# Material supplied:
- Opening Delimiter -

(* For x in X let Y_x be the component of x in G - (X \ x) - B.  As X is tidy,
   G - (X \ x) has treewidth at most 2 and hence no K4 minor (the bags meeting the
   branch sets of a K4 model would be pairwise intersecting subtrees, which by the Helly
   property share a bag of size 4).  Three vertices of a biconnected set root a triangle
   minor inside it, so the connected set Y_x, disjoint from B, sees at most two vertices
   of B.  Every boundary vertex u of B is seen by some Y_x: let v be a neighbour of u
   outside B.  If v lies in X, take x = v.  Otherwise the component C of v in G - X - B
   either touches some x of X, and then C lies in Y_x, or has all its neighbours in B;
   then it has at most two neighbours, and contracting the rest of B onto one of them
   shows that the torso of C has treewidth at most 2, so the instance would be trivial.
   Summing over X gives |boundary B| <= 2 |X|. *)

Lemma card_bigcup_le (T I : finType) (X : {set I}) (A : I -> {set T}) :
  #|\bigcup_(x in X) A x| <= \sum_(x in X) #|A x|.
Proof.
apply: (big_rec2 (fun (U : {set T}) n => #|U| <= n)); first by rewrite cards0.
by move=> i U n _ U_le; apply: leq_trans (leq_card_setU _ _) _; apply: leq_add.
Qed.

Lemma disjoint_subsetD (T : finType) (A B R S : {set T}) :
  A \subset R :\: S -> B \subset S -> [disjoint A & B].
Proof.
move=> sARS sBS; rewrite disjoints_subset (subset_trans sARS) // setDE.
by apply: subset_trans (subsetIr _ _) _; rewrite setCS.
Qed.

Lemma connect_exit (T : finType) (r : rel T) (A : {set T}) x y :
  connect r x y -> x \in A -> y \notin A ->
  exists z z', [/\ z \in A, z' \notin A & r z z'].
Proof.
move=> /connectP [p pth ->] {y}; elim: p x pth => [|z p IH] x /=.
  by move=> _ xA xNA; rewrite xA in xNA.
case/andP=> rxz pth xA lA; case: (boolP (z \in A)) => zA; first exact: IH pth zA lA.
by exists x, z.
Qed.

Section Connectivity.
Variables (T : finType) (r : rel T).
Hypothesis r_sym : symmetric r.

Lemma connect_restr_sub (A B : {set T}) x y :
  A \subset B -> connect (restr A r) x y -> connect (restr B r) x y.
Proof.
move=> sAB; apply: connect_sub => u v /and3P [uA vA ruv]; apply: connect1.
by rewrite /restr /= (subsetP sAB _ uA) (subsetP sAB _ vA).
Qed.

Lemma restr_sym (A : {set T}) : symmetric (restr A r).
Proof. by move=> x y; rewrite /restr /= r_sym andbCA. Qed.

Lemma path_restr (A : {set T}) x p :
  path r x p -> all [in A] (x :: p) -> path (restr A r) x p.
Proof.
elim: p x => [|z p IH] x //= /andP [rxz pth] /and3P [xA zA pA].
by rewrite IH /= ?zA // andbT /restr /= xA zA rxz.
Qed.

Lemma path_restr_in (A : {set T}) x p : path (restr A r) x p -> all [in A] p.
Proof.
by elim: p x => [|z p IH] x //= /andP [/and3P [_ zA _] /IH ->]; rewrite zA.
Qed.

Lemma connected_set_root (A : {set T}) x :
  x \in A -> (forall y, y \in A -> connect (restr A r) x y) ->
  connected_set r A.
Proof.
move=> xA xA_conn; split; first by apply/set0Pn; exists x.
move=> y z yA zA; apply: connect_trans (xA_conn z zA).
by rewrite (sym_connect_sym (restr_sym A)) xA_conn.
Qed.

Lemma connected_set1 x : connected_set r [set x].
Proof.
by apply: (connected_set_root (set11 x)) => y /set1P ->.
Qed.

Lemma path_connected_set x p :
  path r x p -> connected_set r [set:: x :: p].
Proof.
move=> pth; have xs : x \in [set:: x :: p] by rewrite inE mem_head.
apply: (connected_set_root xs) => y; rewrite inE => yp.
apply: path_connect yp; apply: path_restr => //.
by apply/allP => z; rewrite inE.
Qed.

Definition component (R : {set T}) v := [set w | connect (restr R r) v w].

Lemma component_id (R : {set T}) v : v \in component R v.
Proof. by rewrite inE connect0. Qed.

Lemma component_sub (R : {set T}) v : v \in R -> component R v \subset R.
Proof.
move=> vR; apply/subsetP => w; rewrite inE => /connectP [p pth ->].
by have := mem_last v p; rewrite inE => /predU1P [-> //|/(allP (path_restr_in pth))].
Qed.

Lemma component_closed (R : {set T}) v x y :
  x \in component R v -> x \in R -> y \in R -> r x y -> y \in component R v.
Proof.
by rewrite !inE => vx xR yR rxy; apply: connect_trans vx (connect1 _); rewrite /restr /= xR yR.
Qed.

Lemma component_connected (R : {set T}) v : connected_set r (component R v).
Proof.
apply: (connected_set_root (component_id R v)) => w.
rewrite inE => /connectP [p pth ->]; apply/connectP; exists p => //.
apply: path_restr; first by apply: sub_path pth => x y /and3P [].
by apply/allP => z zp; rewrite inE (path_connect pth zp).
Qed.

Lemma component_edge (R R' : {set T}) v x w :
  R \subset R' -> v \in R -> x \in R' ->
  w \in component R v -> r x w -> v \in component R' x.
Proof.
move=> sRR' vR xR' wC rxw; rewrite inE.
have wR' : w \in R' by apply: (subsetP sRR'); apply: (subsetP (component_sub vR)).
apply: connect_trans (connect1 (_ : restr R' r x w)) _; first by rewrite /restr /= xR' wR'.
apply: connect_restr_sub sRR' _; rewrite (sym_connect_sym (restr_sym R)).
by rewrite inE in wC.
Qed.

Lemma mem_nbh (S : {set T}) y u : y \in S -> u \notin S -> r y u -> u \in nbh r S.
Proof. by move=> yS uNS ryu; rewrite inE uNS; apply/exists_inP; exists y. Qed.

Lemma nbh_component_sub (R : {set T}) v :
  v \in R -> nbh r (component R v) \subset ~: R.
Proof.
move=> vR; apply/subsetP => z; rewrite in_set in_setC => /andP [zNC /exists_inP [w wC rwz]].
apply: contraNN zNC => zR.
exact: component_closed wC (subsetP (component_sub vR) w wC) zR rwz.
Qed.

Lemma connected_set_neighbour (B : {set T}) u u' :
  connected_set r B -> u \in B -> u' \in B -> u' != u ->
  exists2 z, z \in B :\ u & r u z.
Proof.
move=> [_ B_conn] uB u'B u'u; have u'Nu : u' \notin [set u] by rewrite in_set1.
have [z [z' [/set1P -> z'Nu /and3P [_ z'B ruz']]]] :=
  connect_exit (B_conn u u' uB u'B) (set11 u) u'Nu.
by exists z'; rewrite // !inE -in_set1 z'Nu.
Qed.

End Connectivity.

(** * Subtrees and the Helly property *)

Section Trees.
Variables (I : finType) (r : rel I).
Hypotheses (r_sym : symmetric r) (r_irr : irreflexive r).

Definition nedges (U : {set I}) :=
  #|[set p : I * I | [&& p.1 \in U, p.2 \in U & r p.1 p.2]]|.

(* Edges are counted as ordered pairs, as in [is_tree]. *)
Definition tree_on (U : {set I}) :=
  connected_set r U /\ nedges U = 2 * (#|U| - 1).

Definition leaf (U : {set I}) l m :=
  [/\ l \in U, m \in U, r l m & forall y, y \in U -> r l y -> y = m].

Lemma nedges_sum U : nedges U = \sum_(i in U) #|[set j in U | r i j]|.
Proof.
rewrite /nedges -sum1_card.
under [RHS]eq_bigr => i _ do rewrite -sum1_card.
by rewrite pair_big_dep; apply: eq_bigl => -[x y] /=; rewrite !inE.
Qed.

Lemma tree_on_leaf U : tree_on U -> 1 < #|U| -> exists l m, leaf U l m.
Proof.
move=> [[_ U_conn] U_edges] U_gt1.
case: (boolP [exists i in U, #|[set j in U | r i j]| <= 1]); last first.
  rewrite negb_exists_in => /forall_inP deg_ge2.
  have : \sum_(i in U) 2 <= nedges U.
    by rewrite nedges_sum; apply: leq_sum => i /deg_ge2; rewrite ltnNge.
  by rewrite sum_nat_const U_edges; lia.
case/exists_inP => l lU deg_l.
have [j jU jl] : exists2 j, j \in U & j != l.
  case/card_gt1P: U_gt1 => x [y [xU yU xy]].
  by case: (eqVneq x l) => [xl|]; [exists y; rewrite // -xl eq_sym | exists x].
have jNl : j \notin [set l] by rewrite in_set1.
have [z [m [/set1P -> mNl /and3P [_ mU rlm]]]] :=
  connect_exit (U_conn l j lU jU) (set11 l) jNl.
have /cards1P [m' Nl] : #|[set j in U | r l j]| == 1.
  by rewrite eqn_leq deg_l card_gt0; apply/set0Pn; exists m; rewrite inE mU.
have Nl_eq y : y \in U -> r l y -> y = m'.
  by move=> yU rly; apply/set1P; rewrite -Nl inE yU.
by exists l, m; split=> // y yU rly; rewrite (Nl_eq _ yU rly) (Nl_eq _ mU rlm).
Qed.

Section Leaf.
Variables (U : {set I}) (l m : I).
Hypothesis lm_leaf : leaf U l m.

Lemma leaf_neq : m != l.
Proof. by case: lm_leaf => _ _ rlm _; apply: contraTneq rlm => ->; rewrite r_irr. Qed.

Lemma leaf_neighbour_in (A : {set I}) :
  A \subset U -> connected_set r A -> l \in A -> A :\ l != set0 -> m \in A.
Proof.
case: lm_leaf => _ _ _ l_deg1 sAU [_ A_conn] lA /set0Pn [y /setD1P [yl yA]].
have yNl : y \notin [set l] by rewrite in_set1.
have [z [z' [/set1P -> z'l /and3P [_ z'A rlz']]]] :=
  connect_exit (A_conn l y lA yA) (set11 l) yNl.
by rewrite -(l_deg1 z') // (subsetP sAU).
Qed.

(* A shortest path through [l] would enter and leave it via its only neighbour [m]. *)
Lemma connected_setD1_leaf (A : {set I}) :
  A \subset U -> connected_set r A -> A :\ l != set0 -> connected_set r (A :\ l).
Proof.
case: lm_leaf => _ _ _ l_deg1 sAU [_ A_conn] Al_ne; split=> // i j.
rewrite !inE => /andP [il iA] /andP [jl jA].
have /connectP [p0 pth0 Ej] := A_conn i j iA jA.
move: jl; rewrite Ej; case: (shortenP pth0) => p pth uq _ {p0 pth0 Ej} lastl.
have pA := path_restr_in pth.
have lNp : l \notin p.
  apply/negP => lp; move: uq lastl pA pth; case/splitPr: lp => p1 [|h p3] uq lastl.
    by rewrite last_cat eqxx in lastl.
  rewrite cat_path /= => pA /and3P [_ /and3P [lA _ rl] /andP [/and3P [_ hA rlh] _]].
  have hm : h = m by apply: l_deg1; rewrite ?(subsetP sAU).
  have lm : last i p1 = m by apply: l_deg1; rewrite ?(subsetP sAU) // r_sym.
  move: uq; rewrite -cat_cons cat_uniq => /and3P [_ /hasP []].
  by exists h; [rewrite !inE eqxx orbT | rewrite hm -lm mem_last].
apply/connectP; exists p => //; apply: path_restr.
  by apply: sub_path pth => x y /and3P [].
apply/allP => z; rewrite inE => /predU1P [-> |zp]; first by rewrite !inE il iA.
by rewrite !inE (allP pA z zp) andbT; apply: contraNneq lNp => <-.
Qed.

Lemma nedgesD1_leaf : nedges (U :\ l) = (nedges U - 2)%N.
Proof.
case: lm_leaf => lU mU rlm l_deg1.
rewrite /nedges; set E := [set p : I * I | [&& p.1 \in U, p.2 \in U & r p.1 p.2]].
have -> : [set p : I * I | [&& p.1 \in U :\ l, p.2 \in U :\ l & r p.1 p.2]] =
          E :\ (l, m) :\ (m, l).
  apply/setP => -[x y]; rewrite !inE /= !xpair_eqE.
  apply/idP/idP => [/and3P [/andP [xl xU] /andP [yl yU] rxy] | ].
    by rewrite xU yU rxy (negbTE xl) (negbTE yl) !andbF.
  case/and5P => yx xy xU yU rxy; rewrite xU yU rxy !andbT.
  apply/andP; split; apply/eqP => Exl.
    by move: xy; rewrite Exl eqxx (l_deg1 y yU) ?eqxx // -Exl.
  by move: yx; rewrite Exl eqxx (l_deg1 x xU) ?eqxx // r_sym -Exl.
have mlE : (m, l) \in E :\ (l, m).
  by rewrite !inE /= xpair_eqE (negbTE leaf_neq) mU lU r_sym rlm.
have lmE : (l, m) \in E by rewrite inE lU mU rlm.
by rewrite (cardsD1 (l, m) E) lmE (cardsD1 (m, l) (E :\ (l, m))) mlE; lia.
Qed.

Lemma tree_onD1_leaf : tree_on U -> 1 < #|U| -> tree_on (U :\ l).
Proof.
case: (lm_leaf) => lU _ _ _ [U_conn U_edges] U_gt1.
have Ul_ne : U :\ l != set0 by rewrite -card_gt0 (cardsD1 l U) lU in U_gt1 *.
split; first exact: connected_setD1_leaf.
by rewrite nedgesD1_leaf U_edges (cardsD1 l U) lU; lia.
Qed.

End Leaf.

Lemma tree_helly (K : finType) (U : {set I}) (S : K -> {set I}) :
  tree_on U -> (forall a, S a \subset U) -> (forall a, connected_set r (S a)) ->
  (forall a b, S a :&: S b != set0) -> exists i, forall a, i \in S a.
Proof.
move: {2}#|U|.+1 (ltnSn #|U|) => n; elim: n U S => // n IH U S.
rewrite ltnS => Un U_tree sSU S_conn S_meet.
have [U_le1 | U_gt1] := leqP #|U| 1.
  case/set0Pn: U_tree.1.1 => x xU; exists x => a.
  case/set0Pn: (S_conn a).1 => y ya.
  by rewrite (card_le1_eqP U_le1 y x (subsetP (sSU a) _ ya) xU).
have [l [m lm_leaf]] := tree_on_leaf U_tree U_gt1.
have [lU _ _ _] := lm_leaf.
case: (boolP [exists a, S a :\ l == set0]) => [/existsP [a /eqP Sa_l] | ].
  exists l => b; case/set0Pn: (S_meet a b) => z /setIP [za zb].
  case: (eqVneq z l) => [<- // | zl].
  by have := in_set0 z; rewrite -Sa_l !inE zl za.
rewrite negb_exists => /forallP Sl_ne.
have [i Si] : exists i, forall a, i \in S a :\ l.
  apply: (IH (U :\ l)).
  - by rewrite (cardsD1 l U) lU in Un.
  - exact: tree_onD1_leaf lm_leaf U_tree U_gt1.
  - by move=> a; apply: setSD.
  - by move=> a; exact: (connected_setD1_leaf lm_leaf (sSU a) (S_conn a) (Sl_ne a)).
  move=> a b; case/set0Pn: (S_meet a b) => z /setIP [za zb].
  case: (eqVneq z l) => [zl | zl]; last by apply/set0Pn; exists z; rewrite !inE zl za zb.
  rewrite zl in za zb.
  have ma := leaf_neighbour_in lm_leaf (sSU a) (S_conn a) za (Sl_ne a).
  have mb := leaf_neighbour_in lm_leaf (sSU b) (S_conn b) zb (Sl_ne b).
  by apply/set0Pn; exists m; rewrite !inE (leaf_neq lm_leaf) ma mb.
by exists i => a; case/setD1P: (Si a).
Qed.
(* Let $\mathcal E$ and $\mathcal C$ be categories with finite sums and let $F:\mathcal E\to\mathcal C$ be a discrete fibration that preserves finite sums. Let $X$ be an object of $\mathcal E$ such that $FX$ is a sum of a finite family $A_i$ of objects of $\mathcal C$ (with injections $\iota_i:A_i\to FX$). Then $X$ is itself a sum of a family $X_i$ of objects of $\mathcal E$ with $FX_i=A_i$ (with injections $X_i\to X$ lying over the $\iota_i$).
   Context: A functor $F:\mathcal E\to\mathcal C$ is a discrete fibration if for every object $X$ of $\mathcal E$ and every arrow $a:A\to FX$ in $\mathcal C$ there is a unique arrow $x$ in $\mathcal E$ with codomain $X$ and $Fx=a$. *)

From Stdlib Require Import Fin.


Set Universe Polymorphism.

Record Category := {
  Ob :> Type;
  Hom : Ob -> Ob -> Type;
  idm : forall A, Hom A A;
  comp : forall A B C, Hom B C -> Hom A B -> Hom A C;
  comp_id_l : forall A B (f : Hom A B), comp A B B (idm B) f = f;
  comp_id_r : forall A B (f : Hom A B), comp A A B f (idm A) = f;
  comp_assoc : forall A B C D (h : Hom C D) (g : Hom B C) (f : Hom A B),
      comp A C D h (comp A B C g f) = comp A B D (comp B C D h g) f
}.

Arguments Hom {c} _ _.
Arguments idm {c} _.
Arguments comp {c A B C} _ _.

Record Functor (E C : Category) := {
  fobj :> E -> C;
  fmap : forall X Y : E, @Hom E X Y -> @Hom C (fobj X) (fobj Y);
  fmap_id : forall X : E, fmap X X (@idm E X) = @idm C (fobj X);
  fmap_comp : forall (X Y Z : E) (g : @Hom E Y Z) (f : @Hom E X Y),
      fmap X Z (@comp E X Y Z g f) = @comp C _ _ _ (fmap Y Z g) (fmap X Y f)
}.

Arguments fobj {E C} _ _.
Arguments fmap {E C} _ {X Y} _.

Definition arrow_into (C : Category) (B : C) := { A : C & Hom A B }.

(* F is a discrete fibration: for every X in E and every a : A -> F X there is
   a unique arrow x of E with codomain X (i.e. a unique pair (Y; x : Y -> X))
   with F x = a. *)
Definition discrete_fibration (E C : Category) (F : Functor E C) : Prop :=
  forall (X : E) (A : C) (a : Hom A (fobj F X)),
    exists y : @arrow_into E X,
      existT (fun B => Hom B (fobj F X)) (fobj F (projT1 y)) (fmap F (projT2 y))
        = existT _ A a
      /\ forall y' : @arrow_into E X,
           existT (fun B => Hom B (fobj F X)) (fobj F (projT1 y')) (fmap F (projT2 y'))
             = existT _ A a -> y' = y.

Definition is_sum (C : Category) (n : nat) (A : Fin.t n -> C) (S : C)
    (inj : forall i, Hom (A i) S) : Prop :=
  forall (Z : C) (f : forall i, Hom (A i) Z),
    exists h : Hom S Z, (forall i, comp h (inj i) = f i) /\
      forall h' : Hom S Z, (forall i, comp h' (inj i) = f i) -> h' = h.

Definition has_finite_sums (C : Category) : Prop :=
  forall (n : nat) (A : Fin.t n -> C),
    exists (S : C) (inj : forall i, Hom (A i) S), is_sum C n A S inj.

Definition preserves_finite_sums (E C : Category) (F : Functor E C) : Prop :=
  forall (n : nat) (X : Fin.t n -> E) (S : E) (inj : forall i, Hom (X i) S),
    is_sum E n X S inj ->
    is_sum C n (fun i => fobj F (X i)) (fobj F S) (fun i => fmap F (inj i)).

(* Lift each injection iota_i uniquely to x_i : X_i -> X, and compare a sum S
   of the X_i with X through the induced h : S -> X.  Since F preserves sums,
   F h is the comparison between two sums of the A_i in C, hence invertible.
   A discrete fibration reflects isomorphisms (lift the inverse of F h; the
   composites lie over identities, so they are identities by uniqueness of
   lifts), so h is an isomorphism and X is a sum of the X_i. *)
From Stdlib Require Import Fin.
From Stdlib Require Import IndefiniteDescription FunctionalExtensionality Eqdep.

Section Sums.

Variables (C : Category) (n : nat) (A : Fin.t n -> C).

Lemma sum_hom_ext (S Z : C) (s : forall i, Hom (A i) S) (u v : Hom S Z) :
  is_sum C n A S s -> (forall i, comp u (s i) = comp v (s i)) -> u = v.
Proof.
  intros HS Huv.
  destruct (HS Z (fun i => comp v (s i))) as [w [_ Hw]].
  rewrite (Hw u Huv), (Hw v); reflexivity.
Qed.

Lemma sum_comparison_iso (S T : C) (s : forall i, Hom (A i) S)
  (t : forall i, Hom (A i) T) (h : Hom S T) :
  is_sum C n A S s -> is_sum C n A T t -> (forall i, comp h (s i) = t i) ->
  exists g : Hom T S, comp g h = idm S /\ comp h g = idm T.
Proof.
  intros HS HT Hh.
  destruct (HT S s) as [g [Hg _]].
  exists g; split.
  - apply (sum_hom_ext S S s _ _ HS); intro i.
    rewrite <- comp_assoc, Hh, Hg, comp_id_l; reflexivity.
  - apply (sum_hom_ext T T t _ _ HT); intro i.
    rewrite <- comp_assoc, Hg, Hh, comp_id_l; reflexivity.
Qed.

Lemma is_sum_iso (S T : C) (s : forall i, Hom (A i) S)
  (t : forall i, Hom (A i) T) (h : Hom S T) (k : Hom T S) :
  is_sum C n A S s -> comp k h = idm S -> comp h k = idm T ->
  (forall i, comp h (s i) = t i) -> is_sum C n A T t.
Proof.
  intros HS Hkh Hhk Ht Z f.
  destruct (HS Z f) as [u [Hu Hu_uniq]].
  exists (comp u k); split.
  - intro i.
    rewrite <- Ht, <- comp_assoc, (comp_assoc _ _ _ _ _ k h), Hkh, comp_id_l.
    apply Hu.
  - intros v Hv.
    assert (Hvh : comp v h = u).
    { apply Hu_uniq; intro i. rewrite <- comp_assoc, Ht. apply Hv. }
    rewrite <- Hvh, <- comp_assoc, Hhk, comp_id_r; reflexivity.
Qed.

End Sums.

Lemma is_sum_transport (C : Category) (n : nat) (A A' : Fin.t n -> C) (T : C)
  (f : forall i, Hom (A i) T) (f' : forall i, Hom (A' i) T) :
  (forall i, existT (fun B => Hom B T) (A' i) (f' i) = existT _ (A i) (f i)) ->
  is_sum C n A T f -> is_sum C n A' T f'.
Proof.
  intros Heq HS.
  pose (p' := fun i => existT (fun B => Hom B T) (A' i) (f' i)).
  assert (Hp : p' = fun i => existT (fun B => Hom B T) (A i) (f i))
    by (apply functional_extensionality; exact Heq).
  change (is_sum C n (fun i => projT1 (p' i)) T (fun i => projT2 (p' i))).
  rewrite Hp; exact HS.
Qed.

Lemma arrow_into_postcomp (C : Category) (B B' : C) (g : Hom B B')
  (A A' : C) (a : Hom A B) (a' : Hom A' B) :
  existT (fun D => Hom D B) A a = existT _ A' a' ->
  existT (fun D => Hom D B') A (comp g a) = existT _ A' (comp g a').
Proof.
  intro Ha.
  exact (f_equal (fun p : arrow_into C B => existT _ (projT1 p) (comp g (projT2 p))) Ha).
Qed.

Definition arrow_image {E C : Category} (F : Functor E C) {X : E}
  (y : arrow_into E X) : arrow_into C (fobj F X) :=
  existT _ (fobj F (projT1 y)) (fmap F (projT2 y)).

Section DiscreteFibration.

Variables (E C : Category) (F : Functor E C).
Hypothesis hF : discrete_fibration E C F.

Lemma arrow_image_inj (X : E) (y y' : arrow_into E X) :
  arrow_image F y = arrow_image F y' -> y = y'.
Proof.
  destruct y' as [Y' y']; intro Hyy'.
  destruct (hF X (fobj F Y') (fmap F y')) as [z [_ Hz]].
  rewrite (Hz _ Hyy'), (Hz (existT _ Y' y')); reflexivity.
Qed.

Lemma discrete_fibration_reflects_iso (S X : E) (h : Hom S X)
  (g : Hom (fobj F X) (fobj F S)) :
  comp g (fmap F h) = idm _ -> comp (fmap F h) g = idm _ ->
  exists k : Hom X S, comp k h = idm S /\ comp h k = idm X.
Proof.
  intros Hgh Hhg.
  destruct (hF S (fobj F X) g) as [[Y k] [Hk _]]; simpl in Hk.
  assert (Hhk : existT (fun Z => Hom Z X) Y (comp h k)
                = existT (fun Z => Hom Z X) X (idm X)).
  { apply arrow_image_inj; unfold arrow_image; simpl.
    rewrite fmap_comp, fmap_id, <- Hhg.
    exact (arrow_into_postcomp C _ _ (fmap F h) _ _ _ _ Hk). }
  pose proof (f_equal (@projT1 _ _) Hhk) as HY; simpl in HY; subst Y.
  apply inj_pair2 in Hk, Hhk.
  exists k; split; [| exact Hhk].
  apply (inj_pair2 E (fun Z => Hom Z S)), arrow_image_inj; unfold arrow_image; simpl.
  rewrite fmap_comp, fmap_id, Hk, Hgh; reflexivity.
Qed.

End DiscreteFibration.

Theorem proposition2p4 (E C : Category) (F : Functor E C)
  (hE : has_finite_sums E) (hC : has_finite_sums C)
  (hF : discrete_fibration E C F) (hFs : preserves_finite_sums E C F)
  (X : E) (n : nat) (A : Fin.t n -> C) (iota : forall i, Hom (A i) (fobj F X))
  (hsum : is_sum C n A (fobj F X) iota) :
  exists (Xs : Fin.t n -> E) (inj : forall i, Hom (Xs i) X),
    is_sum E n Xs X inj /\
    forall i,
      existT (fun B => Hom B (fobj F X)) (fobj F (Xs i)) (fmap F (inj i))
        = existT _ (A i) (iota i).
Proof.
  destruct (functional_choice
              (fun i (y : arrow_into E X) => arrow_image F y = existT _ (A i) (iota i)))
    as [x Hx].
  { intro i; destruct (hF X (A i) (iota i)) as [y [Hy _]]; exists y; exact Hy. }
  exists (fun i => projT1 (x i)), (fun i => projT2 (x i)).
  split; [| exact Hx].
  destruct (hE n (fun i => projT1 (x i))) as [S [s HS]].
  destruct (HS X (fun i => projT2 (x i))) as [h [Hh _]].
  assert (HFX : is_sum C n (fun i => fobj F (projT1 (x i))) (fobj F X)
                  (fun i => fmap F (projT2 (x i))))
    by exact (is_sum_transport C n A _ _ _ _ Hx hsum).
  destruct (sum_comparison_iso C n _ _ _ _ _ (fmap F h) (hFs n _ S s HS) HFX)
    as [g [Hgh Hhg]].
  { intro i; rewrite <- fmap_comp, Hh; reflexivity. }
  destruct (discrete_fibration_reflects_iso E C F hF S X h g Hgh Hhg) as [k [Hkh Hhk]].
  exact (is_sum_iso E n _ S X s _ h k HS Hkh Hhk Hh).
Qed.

- Closing Delimiter -

# Your goal:
Word for word, repeat the data from its first line through the line with "branch sets of", including both of those lines and no others.

# Task output:
(* For x in X let Y_x be the component of x in G - (X \ x) - B.  As X is tidy,
   G - (X \ x) has treewidth at most 2 and hence no K4 minor (the bags meeting the
   branch sets of a K4 model would be pairwise intersecting subtrees, which by the Helly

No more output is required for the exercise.